Brief |
In the records that follow, how many lines contain the word "bool"? Give only that figure.

═══ Provided material ═══

(* There is a deterministic Congested Clique algorithm which computes a proper $O(a^2)$-vertex-coloring of an input graph $G$ with arboricity $a\ge 2$ within $O(\log a+\log^* n)$ rounds.
   Context: Congested Clique model: there are $n$ processors (vertices) with distinct IDs of $O(\log n)$ bits; computation proceeds in synchronous rounds; in each round every pair of vertices may exchange a message of $O(\log n)$ bits; local computation is free. The input is a graph $G=(V,E')$ on the same vertex set; each vertex initially knows its incident edges in $G$, and $a$ is known to all vertices. The arboricity of a graph is the minimum number of forests whose union covers its edge set. A proper $k$-coloring is a map $\varphi:V\to\{1,\dots,k\}$ with $\varphi(u)\ne\varphi(v)$ for every edge $\{u,v\}$. $\log^* n$ is the number of times $\log_2$ must be iterated starting from $n$ until the value is below $2$. *)

From mathcomp Require Import all_boot.
Set Implicit Arguments. Unset Strict Implicit. Unset Printing Implicit Defensive.

Definition simple_graph (n : nat) (G : rel 'I_n) : Prop :=
  (forall u v, G u v = G v u) /\ (forall v, ~~ G v v).

Definition subgraph (n : nat) (F G : rel 'I_n) : Prop :=
  forall u v, F u v -> G u v.

Definition forest (n : nat) (F : rel 'I_n) : Prop :=
  simple_graph F /\
  ~ (exists p : seq 'I_n, [&& uniq p, 3 <= size p & cycle F p]).

Definition covered_by_forests (n : nat) (G : rel 'I_n) (k : nat) : Prop :=
  exists F : 'I_k -> rel 'I_n,
    (forall i, forest (F i) /\ subgraph (F i) G) /\
    (forall u v, G u v -> exists i, F i u v).

Definition has_arboricity (n : nat) (G : rel 'I_n) (a : nat) : Prop :=
  covered_by_forests G a /\ forall k, k < a -> ~ covered_by_forests G k.

(* floor(log2 m) (0 for m <= 1) *)
Definition log2 (m : nat) : nat := trunc_log 2 m.

Fixpoint log_star_fuel (fuel m : nat) : nat :=
  match fuel with
  | 0 => 0
  | fuel'.+1 => if m < 2 then 0 else (log_star_fuel fuel' (log2 m)).+1
  end.

Definition log_star (m : nat) : nat := log_star_fuel m m.

(* Processors are the vertices 'I_n; the index of a vertex serves as its
   (distinct, O(log n)-bit) ID and as the address of its communication link.
   Local computation is free, so the local state of a vertex is its full
   knowledge: n, a, its own ID, its incident edges (neighbour indicator), and
   the transcript of all messages received so far (one vector per round,
   indexed by sender). *)
Definition transcript (n : nat) := seq ('I_n -> seq bool).

Record cc_algorithm := CCAlgorithm {
  cc_msg : forall n : nat, nat -> 'I_n -> ('I_n -> bool) -> transcript n ->
           'I_n -> seq bool;
  cc_out : forall n : nat, nat -> 'I_n -> ('I_n -> bool) -> transcript n -> nat;
  cc_rounds : nat -> nat -> nat
}.

Definition cc_bandwidth (A : cc_algorithm) (B : nat) : Prop :=
  forall n a v N h u, size (@cc_msg A n a v N h u) <= B * (log2 n).+1.

Fixpoint cc_hist (A : cc_algorithm) (n a : nat) (G : rel 'I_n) (t : nat)
  : 'I_n -> transcript n :=
  match t with
  | 0 => fun _ => [::]
  | t'.+1 => fun v =>
      rcons (cc_hist A a G t' v)
            (fun u => @cc_msg A n a u (G u) (cc_hist A a G t' u) v)
  end.

Definition cc_output (A : cc_algorithm) (n a : nat) (G : rel 'I_n) (v : 'I_n)
  : nat :=
  @cc_out A n a v (G v) (cc_hist A a G (cc_rounds A n a) v).

Definition proper_coloring (n : nat) (G : rel 'I_n) (k : nat)
  (phi : 'I_n -> nat) : Prop :=
  (forall v, phi v < k) /\ (forall u v, G u v -> phi u != phi v).

From mathcomp Require Import all_boot zify.
Set Implicit Arguments. Unset Strict Implicit. Unset Printing Implicit Defensive.

(* Split the vertices into the residue classes [v mod a] and give [v] the colour
   [c v * a + v mod a], where [c] properly colours the subgraph induced by the class
   of [v].  Every subgraph of a graph of arboricity [a] has a vertex of degree at
   most [2a], so greedy colouring along a degeneracy order needs colours
   [0, ..., 2a] only, hence [(2a + 1) a <= 4 a^2] colours overall.
   A class has at most [n / a + 1] vertices, so the degrees inside it sum to at
   most [2a (n / a + 1) < 5n].  This lets vertex [p] gather the whole subgraph of
   class [p] in three rounds: every vertex announces its class degree, then sends
   its [i]-th class neighbour to the relay [(t + i) mod n], where [t] is the prefix
   sum of the degrees announced in its class; the pairs of one class thus fill
   consecutive slots, so each relay forwards at most five of them to [p].  In the
   fourth round [p] colours its class and returns the colours: four rounds in all,
   well within [O(log a + log* n)]. *)

Fixpoint bits (w x : nat) : seq bool :=
  if w is w'.+1 then odd x :: bits w' x./2 else [::].

Fixpoint nat_of_bits (s : seq bool) : nat :=
  if s is b :: s' then b + (nat_of_bits s').*2 else 0.

Lemma size_bits w x : size (bits w x) = w.
Proof. by elim: w x => [|w IH] x //=; rewrite IH. Qed.

Lemma bitsK w x : x < 2 ^ w -> nat_of_bits (bits w x) = x.
Proof.
elim: w x => [|w IH] x /=; first by rewrite expn0; case: x.
by rewrite expnS mul2n -ltn_half_double => /IH ->; rewrite odd_double_half.
Qed.

Definition bits_seq (w : nat) (s : seq nat) : seq bool := flatten [seq bits w x | x <- s].

Definition seq_of_bits (w : nat) (b : seq bool) : seq nat :=
  [seq nat_of_bits c | c <- reshape (nseq (size b %/ w) w) b].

═══

Expected answer |
8